Start of Block

(* The competitive ratio of the (offline-chosen) better algorithm between MTFO and MTFE is at least $1.75$ and at most $2$ (full cost model). That is: (i) for every list and every sequence $\sigma$, $\min\{\mathrm{MTFO}(\sigma),\mathrm{MTFE}(\sigma)\}\le 2\,\mathrm{OPT}(\sigma)$; and (ii) for every $c<1.75$ and every constant $b$ there exist a list and a sequence $\sigma$ with $\min\{\mathrm{MTFO}(\sigma),\mathrm{MTFE}(\sigma)\}>c\cdot\mathrm{OPT}(\sigma)+b$.
   Context: Static list update: a list of distinct items in some initial order; serving a request to the item at position $i$ (from the front) costs $i$ (full cost model); the accessed item may be moved closer to the front for free; two adjacent items may be swapped at cost $1$. $A(\sigma)$ is the total cost of algorithm $A$ and $\mathrm{OPT}(\sigma)$ the minimum cost of any offline algorithm from the same initial list. MTFO moves a requested item to the front on the 1st, 3rd, 5th, ... request to that item; MTFE on the 2nd, 4th, 6th, ... request; otherwise they leave it in place, and they make no paid exchanges. *)

From mathcomp Require Import all_boot.
From Stdlib Require Import Reals.

Set Implicit Arguments.
Unset Strict Implicit.
Unset Printing Implicit Defensive.

(* Items are natural numbers; a list is a duplicate-free [seq nat], front = head.
   The position (1-based) of x in L is (index x L).+1. *)

(* The requested item r is moved to the front iff the number of
   earlier requests to r has parity [p] (false = even, true = odd); no paid
   exchanges. *)
Fixpoint run_parity (p : bool) (L past s : seq nat) : nat :=
  match s with
  | [::] => 0
  | r :: s' =>
      let L' := if odd (count_mem r past) == p then r :: rem r L else L in
      (index r L).+1 + run_parity p L' (rcons past r) s'
  end.

(* MTFO: move to front on the 1st, 3rd, 5th, ... request to an item
   (i.e. when an even number of earlier requests to it occurred). *)
Definition MTFO (L s : seq nat) : nat := run_parity false L [::] s.
(* MTFE: move to front on the 2nd, 4th, 6th, ... request to an item. *)
Definition MTFE (L s : seq nat) : nat := run_parity true L [::] s.

(* Paid exchange of the adjacent items at positions i and i+1 (0-based);
   it costs 1 (an out-of-range index does nothing but is still charged). *)
Definition swap_adj (i : nat) (L : seq nat) : seq nat :=
  if i.+1 < size L
  then take i L ++ [:: nth 0 L i.+1; nth 0 L i] ++ drop i.+2 L
  else L.

(* Free exchange: move item r to the 0-based position j (j <= current position). *)
Definition move_to (j : nat) (r : nat) (L : seq nat) : seq nat :=
  let L0 := rem r L in take j L0 ++ r :: drop j L0.

(* An offline schedule gives, for each request, a sequence of paid adjacent
   exchanges performed before serving it, and a target position j for the free
   move of the requested item after serving it (clamped to the current position,
   so only moves toward the front are possible). *)
Fixpoint off_cost (L s : seq nat) (sch : seq (seq nat * nat)) : nat :=
  match s, sch with
  | r :: s', (ps, j) :: sch' =>
      let L1 := foldl (fun L i => swap_adj i L) L ps in
      size ps + (index r L1).+1
        + off_cost (move_to (minn j (index r L1)) r L1) s' sch'
  | _, _ => 0
  end.

Definition is_OPT (L s : seq nat) (n : nat) : Prop :=
  (exists sch, size sch = size s /\ off_cost L s sch = n) /\
  (forall sch, size sch = size s -> n <= off_cost L s sch).

Definition valid_instance (L s : seq nat) : Prop :=
  uniq L /\ all (fun x => x \in L) s.

From mathcomp Require Import all_boot zify.
From Stdlib Require Import Reals Lra Classical Wf_nat.

Set Implicit Arguments.
Unset Strict Implicit.
Unset Printing Implicit Defensive.

(* We prove MTFO(s) + MTFE(s) <= 4 OFF(s) for every offline
   schedule OFF, by an amortized analysis with a potential that is a sum over
   the pairs of items.  The cost of an access is the number of items ahead of
   the accessed one, so it splits into contributions of pairs; the potential
   of a pair depends only on five bits (the parities of the numbers of requests
   to its two items, and their relative order in the three lists), and is
   given by a table of 32 values checked against the two possible kinds of
   request by enumeration.  A paid exchange of the offline algorithm changes a
   single pair, hence the potential by at most 3 < 4.

   On the list 0, ..., m-1 consider the period
   u, each item of u twice, u reversed, each item of u reversed twice.  Both
   online algorithms pay 3.5 m^2 + O(m) per period and return to the initial
   list, whereas an offline algorithm moving an item only on the first of two
   consecutive requests pays 2 m^2 + O(m); repeating the period k times with k
   and m large beats every ratio c < 7/4 and every additive constant b. *)

Definition before (K : seq nat) (x y : nat) : bool := index x K < index y K.

Lemma before_irr K x : before K x x = false.
Proof. by rewrite /before ltnn. Qed.

Lemma before_asym K x y : before K x y -> before K y x = false.
Proof. by rewrite /before => /ltnW; rewrite leqNgt => /negbTE. Qed.

Lemma before_total K x y : x \in K -> y \in K -> x != y ->
  before K y x = ~~ before K x y.
Proof.
move=> xK yK xy; rewrite /before -leqNgt ltn_neqAle.
case: eqVneq => [/(index_inj 0 yK xK) eyx|//].
by rewrite eyx eqxx in xy.
Qed.

Lemma before_rem r M x y : x != r -> y != r -> before (rem r M) x y = before M x y.
Proof.
move=> xr yr; rewrite /before; elim: M => [//|a M IH] /=.
case: eqP => [->|ar] /=.
  by rewrite (eq_sym r x) (negbTE xr) (eq_sym r y) (negbTE yr) ltnS.
by case: eqP => ax; case: eqP => ay //; rewrite !ltnS.
Qed.

Lemma before_mtf_other r K x y : x != r -> y != r ->
  before (r :: rem r K) x y = before K x y.
Proof.
move=> xr yr; rewrite -(before_rem K xr yr) /before /=.
by rewrite (eq_sym r x) (negbTE xr) (eq_sym r y) (negbTE yr) ltnS.
Qed.

Lemma before_mtf_front r K y : y != r -> before (r :: rem r K) r y.
Proof. by move=> yr; rewrite /before /= eqxx (eq_sym r y) (negbTE yr). Qed.

Lemma before_mtf_back r K y : before (r :: rem r K) y r = false.
Proof. by rewrite /before /= eqxx ltn0. Qed.

Lemma rem_cat_notin (r : nat) (A B : seq nat) :
  r \notin A -> rem r (A ++ B) = A ++ rem r B.
Proof.
elim: A => [//|a A IH] /=; rewrite inE negb_or => /andP [ra rA].
by rewrite eq_sym (negbTE ra) IH.
Qed.

Lemma index_cat_notin (A B : seq nat) b :
  b \notin A -> index b (A ++ b :: B) = size A.
Proof. by move=> bA; rewrite index_cat (negbTE bA) /= eqxx addn0. Qed.

Definition ahead (r : nat) (K : seq nat) : seq nat := take (index r K) K.

Lemma ahead_notin r K : r \notin ahead r K.
Proof.
rewrite /ahead; elim: K => [//|a K IH] /=; case: eqP => [//|ar] /=.
by rewrite inE negb_or IH andbT eq_sym; apply/eqP.
Qed.

Lemma size_ahead r K : r \in K -> size (ahead r K) = index r K.
Proof. by move=> rK; rewrite size_take index_mem rK. Qed.

Lemma split_at r K : r \in K -> K = ahead r K ++ r :: drop (index r K).+1 K.
Proof.
move=> rK; rewrite -{1}(cat_take_drop (index r K) K) (drop_nth r) ?index_mem //.
by rewrite nth_index.
Qed.

Lemma move_to_split j r K : r \in K -> j <= index r K ->
  move_to j r K
  = take j (ahead r K) ++ r :: drop j (ahead r K) ++ drop (index r K).+1 K.
Proof.
move=> rK ji; rewrite /move_to {1 2}(split_at rK) rem_cat_notin ?ahead_notin //=.
rewrite eqxx take_cat drop_cat size_ahead // ltn_neqAle ji andbT.
case: eqVneq => [->|_] //; rewrite -(size_ahead rK) take_size drop_size subnn.
by rewrite take0 drop0 cats0.
Qed.

Lemma move_to_id r K : r \in K -> move_to (index r K) r K = K.
Proof.
move=> rK; rewrite move_to_split // -{1 2}(size_ahead rK) take_size drop_size /=.
exact: (esym (split_at rK)).
Qed.

Lemma perm_move_to j r K : r \in K -> perm_eq (move_to j r K) K.
Proof.
move=> rK; rewrite /move_to (permPr (perm_to_rem rK)).
apply/permP => a; rewrite count_cat /= -{3}[rem r K](cat_take_drop j) count_cat.
by rewrite addnCA.
Qed.

Lemma before_move_to_other j r K x y : uniq K -> x != r -> y != r ->
  before (move_to j r K) x y = before K x y.
Proof.
move=> uK xr yr; rewrite -(before_rem _ xr yr) -(before_rem K xr yr) /move_to.
have rK0 : r \notin rem r K by rewrite mem_rem_uniqF.
rewrite rem_cat_notin /= ?eqxx ?cat_take_drop //.
by apply: contra rK0; apply: mem_take.
Qed.

Lemma before_move_to_front j r K y : r \in K -> j <= index r K ->
  before K r y -> before (move_to j r K) r y.
Proof.
move=> rK ji ry; have yA : y \notin ahead r K.
  apply: contraL ry => yA; rewrite /before -leqNgt {1}(split_at rK) index_cat yA.
  by rewrite -(size_ahead rK) ltnW // index_mem.
have sj : size (take j (ahead r K)) = j by rewrite size_takel // size_ahead.
have yT : y \notin take j (ahead r K) by apply: contra yA; apply: mem_take.
have rT : r \notin take j (ahead r K) by apply: contra (ahead_notin r K); apply: mem_take.
rewrite /before move_to_split // index_cat_notin // sj index_cat (negbTE yT) sj.
have ry' : r != y by apply: contraTneq ry => <-; rewrite before_irr.
by rewrite /= (negbTE ry') addnS ltnS leq_addr.
Qed.

Lemma swap_split i K : i.+1 < size K ->
  K = take i K ++ nth 0 K i :: nth 0 K i.+1 :: drop i.+2 K /\
  swap_adj i K = take i K ++ nth 0 K i.+1 :: nth 0 K i :: drop i.+2 K.
Proof.
move=> si; split; last by rewrite /swap_adj si.
by rewrite -{1}(cat_take_drop i K) (drop_nth 0) 1?(drop_nth 0 (n:=i.+1)) //; lia.
Qed.

Lemma perm_swap i K : perm_eq (swap_adj i K) K.
Proof.
case: (ltnP i.+1 (size K)) => si; last by rewrite /swap_adj ltnNge si.
have [EK ->] := swap_split si; rewrite [in X in perm_eq _ X]EK.
by apply/permP => p; rewrite !count_cat /=; lia.
Qed.

Lemma before_exchange T D a b x y : uniq (T ++ a :: b :: D) ->
  ~~ ((x == a) && (y == b) || (x == b) && (y == a)) ->
  before (T ++ b :: a :: D) x y = before (T ++ a :: b :: D) x y.
Proof.
move=> + hxy; rewrite cat_uniq /= !negb_or.
move=> /and5P [_ /and3P [aT bT _] /andP [ab _] _ _].
have rem_exchange c : c \in [:: a; b] ->
    rem c (T ++ b :: a :: D) = rem c (T ++ a :: b :: D).
  rewrite !inE => /orP [] /eqP ->; rewrite !rem_cat_notin //= !eqxx //.
    by rewrite eq_sym (negbTE ab).
  by rewrite (negbTE ab).
case: (eqVneq x y) => [->|xy]; first by rewrite !before_irr.
have [c [cx cy cab]] : exists c, [/\ x != c, y != c & c \in [:: a; b]].
  case: (eqVneq x a) => [xa|xa]; case: (eqVneq y a) => [ya|ya].
  - by rewrite xa ya eqxx in xy.
  - exists b; rewrite xa ab !inE eqxx orbT; split=> //.
    by apply: contraNneq hxy => ->; rewrite xa !eqxx.
  - exists b; rewrite ya eq_sym ab !inE eqxx orbT; split=> //.
    by apply: contraNneq hxy => ->; rewrite ya !eqxx orbT.
  - by exists a; rewrite !inE eqxx.
by rewrite -(before_rem _ cx cy) rem_exchange // before_rem.
Qed.

Lemma before_swap_other i K x y : uniq K ->
  ~~ ((x == nth 0 K i) && (y == nth 0 K i.+1) ||
      (x == nth 0 K i.+1) && (y == nth 0 K i)) ->
  before (swap_adj i K) x y = before K x y.
Proof.
move=> uK hxy.
case: (ltnP i.+1 (size K)) => si; last by rewrite /swap_adj ltnNge si.
have [EK ->] := swap_split si; rewrite [in RHS]EK.
by apply: before_exchange => //; rewrite -EK.
Qed.

Lemma sum_nat_of_bool (a : pred nat) L : \sum_(y <- L) (a y : nat) = count a L.
Proof. by rewrite -sum1_count [RHS]big_mkcond. Qed.

Lemma count_index_lt (K : seq nat) i : uniq K ->
  count (fun y => index y K < i) K = minn i (size K).
Proof.
elim: K i => [|a K IH] i /=; first by rewrite minn0.
case/andP => aK uK; rewrite eqxx.
have -> : count (fun y => (if a == y then 0 else (index y K).+1) < i) K
        = count (fun y => index y K < i.-1) K.
  apply: eq_in_count => y yK /=.
  by rewrite ifN; [case: i | apply: contraNneq aK => ->].
by rewrite IH //; case: i => [|i] /=; lia.
Qed.

Lemma index_as_sum L K r : uniq K -> perm_eq K L -> r \in K ->
  index r K = \sum_(y <- L) (before K y r : nat).
Proof.
move=> uK pKL rK; rewrite sum_nat_of_bool -(permP pKL) count_index_lt //.
by apply/esym/minn_idPl/ltnW; rewrite index_mem.
Qed.

Definition parity_step (p : bool) (past K : seq nat) (r : nat) : seq nat :=
  if odd (count_mem r past) == p then r :: rem r K else K.

Lemma perm_parity_step p past K r L : r \in K -> perm_eq K L ->
  perm_eq (parity_step p past K r) L.
Proof.
move=> rK pKL; rewrite /parity_step; case: ifP => // _.
by rewrite -(permPr pKL) perm_sym perm_to_rem.
Qed.

Lemma before_parity_other p past K r x y : x != r -> y != r ->
  before (parity_step p past K r) x y = before K x y.
Proof. by move=> xr yr; rewrite /parity_step; case: ifP => _ //; apply: before_mtf_other. Qed.
Lemma nat_seq_dichotomy (m : nat -> nat) :
  (exists g, forall j, j <= g j /\ j <= m (g j)) \/
  (exists i g, forall j, j <= g j /\ m (g j) = i).
Proof.
  destruct (classic (forall j, exists k, j <= k /\ j <= m k)) as [Hu|Hb].
  - left. exact (choice _ Hu).
  - right. apply not_all_ex_not in Hb as [j Hj].
    destruct (@frequent_value_of_bounded m j j) as [i Hi].
    { intros k Hk. apply NNPP; intro. apply Hj. exists k. lia. }
    destruct (choice _ Hi) as [g Hg]. eauto.
Qed.

Lemma open_prod_of_finer (X Y : Type) (a b : convergence X) (tau : convergence Y)
    (O : X * Y -> Prop) :
  finer a b -> is_open (prod_conv b tau) O -> is_open (prod_conv a tau) O.
Proof. intros Hab HO F p [H1 H2]. apply HO. split; auto. Qed.

Lemma finer_I1 (X : Type) (sigma xi : convergence X) :
  countable_character sigma -> finer sigma xi -> finer sigma (I1 xi).
Proof.
  intros Hc Hf F x Hl. destruct (proj1 (Hc _ _) Hl) as [H [Hb [HF Hl']]].
  exists H; auto.
Qed.

Lemma finer_Epi_I1 (X : Type) (a b : convergence X) :
  (forall (Y : Type) (tau : convergence Y), countable_character tau ->
     same_topology (prod_conv a tau) (prod_conv b tau)) ->
  finer (Epi_I1 a) (Epi_I1 b).
Proof.
  intros Hab F x [th [Hth Hl]]. exists th. split; [|exact Hl].
  intros Y tau Htau O. rewrite <- (Hab Y tau Htau O). exact (Hth Y tau Htau O).
Qed.

Definition indiscrete_unit : convergence unit.
Proof. refine (@Convergence unit (fun _ _ => True) _ _); auto. Defined.

Lemma indiscrete_unit_countable_character : countable_character indiscrete_unit.
Proof.
  intros F x; split; intros _; [|exact I].
  exists (principal tt). split; [|split; [|exact I]].
  - exists (fun _ z => z = tt). split; [reflexivity|].
    intros A HA. exists 0. intros z ->. exact HA.
  - intros A HA. apply (f_up F (fun _ => True)); [|apply f_full].
    intros [] _; exact HA.
Qed.
(* Let $\Pi$ be the elliptic curve $u^2=(2s+1)(9s^2+2s+1)$ and define rational functions on $\Pi$ $$y=\frac12+\frac{45s^6+20s^5+95s^4+92s^3+39s^2-3}{4(5s^2+1)(s+1)^2\,u},\qquad t=\frac12+\frac{s(2s+1)^2(27s^4+28s^3+26s^2+12s+3)}{(s+1)^3u^3}.$$ Then, using $t$ as a local coordinate on $\Pi$ away from its critical points, $y(t)$ is a solution of $\mathrm{P}_{\mathrm{VI}}$ with parameters $(\theta_1,\theta_2,\theta_3,\theta_4)=(1/2,1/2,1/2,2/3)$.
   Context: $\mathrm{P}_{\mathrm{VI}}$ is the equation $$\frac{d^2y}{dt^2}=\frac12\Big(\frac1y+\frac1{y-1}+\frac1{y-t}\Big)\Big(\frac{dy}{dt}\Big)^2-\Big(\frac1t+\frac1{t-1}+\frac1{y-t}\Big)\frac{dy}{dt}+\frac{y(y-1)(y-t)}{t^2(t-1)^2}\Big(\alpha+\beta\frac{t}{y^2}+\gamma\frac{t-1}{(y-1)^2}+\delta\frac{t(t-1)}{(y-t)^2}\Big),$$ with $\alpha=(\theta_4-1)^2/2$, $\beta=-\theta_1^2/2$, $\gamma=\theta_3^2/2$, $\delta=(1-\theta_2^2)/2$. When $y,t$ are given as rational functions of a parameter on a curve, derivatives with respect to $t$ are computed via the chain rule. *)

From mathcomp Require Import all_boot all_order all_algebra.
Set Implicit Arguments. Unset Strict Implicit. Unset Printing Implicit Defensive.
Import Order.TTheory GRing.Theory Num.Theory.
Local Open Scope ring_scope.

Definition derivation (K : fieldType) (D : K -> K) : Prop :=
  (forall a b : K, D (a + b) = D a + D b) /\
  (forall a b : K, D (a * b) = D a * b + a * D b).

End of Block

## YOUR INSTRUCTIONS
There is a line with "it costs 1 (an" and a line with "move of the" above. Copy exactly those two lines and all lines between them, with nothing else.

## ANSWER SPACE
   it costs 1 (an out-of-range index does nothing but is still charged). *)
Definition swap_adj (i : nat) (L : seq nat) : seq nat :=
  if i.+1 < size L
  then take i L ++ [:: nth 0 L i.+1; nth 0 L i] ++ drop i.+2 L
  else L.

(* Free exchange: move item r to the 0-based position j (j <= current position). *)
Definition move_to (j : nat) (r : nat) (L : seq nat) : seq nat :=
  let L0 := rem r L in take j L0 ++ r :: drop j L0.

(* An offline schedule gives, for each request, a sequence of paid adjacent
   exchanges performed before serving it, and a target position j for the free
   move of the requested item after serving it (clamped to the current position,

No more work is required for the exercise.